For the file below, I want to extract the two strings following "XC:Z:" and "XM:Z:". For example:
- 1st line output should be this: "TGGTCGGCGCGT, GAGTCCGT"
- 2nd line output should be this: "GAAGCCGCTTCC, ACCGACGG"
The original version of the file has a few more columns and millions of rows than the following example, but it should give you the idea:
MOUSE_10 XC:Z:TGGTCGGCGCGT RG:Z:A XM:Z:GAGTCCGT ZP:i:33
MOUSE_10 XC:Z:GAAGCCGCTTCC NM:i:0 XM:Z:ACCGACGG AS:i:16
MOUSE_10 ZP:i:36 XC:Z:TCCCCGGGTACA NM:i:0 XM:Z:GGGACGGG ZP:i:28
MOUSE_10 XC:Z:CAAATTTGGAAA RG:Z:A NM:i:1 XM:Z:GCAGATAG
In addition, each of following criteria would be a bonus but is not mandatory if you can get it to work:
- use standard bash tools: awk, sed, grep, etc. (no GAWK, csvtools,...)

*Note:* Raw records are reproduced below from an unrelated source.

(* Given an example pair $(x,y)\in\mathcal{X}\times\{\pm1\}$ and a function $\hat h:\mathcal{X}\to\mathbb{R}$, there exists $p^*\in\{0,1\}$ such that $p^*(\hat h(x)y-1)\le\hat y\,y-1$, where $\hat y=\mathbb{E}[\Pi(\hat h(x))]$, the expectation taken only with respect to the randomness of $\Pi$.
   Context: Randomized projection: for $z\in\mathbb{R}$, $\Pi(z)$ is the random label equal to $\mathrm{sign}(z)$ if $|z|\ge1$; otherwise $\Pi(z)=+1$ with probability $\frac{1+z}{2}$ and $-1$ with probability $\frac{1-z}{2}$. *)

From Stdlib Require Import Reals.
Open Scope R_scope.

Definition label_val (b : bool) : R := if b then 1 else -1.

(* sign of a real (only used for |z| >= 1, where z <> 0). *)
Definition sgn (z : R) : R := if Rlt_dec 0 z then 1 else if Rlt_dec z 0 then -1 else 0.

(* Distribution of the randomized projection Pi(z) on {+1,-1}:
   probability that Pi(z) takes label b. *)
Definition Pi_prob (z : R) (b : bool) : R :=
  if Rle_dec 1 (Rabs z) then
    (if Req_EM_T (label_val b) (sgn z) then 1 else 0)
  else (if b then (1 + z) / 2 else (1 - z) / 2).

Definition Pi_expect (z : R) : R :=
  Pi_prob z true * label_val true + Pi_prob z false * label_val false.

From Stdlib Require Import Reals Lra.
Open Scope R_scope.

(* The expected label E[Pi(z)] is z clipped to [-1, 1]; multiplying by y = ±1
   cannot push it below min(1, z y), and min(0, a) is always realized as p a
   with p in {0, 1}. *)

Definition clip (z : R) : R := Rmax (-1) (Rmin 1 z).

Lemma Pi_expect_clip (z : R) : Pi_expect z = clip z.
Proof.
  unfold Pi_expect, Pi_prob, label_val, sgn, clip, Rmax, Rmin.
  destruct (Rle_dec 1 (Rabs z)) as [Hge | Hlt].
  - destruct (Rlt_dec 0 z) as [Hpos | Hnpos].
    + rewrite Rabs_right in Hge by lra.
      destruct (Req_EM_T 1 1); [|congruence].
      destruct (Req_EM_T (-1) 1); [lra|].
      repeat destruct Rle_dec; lra.
    + destruct (Rlt_dec z 0) as [Hneg | Hnneg].
      * rewrite Rabs_left in Hge by lra.
        destruct (Req_EM_T 1 (-1)); [lra|].
        destruct (Req_EM_T (-1) (-1)); [|congruence].
        repeat destruct Rle_dec; lra.
      * replace z with 0 in Hge by lra.
        rewrite Rabs_R0 in Hge; lra.
  - apply Rnot_le_lt, Rabs_def2 in Hlt.
    repeat destruct Rle_dec; lra.
Qed.

Lemma Rmin_1_le_clip_mul_sign (z y : R) :
  y = 1 \/ y = -1 -> Rmin 1 (z * y) <= clip z * y.
Proof.
  unfold clip, Rmax, Rmin.
  intros [-> | ->]; repeat destruct Rle_dec; lra.
Qed.

Lemma Rmin_0_indicator (a : R) :
  exists p : R, (p = 0 \/ p = 1) /\ p * a = Rmin 0 a.
Proof.
  unfold Rmin; destruct (Rle_dec 0 a).
  - exists 0; split; [left | ring]; reflexivity.
  - exists 1; split; [right | ring]; reflexivity.
Qed.

Theorem lemma5 (X : Type) (x : X) (y : R) (hy : y = 1 \/ y = -1) (h : X -> R) :
  exists p : R, (p = 0 \/ p = 1) /\
    p * (h x * y - 1) <= Pi_expect (h x) * y - 1.
Proof.
  destruct (Rmin_0_indicator (h x * y - 1)) as [p [Hp Hpa]].
  exists p; split; [exact Hp|].
  rewrite Hpa, Pi_expect_clip.
  assert (Hmin := Rmin_1_le_clip_mul_sign (h x) y hy).
  unfold Rmin in *; repeat destruct Rle_dec; lra.
Qed.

- assume we don't know the order in which XC and XM appear (although I'm fairly certain XC is almost first, but I am unsure how to check). In the output, however, the XC-string should always be before the XM-string, if at all possible.
The answers from here awk extract multiple groups from each line come awfully close to it, but whenever I try using match(...) I get a "syntax error near unexpected token" message.
Looking forward to your solutions!
Thanks,
Felix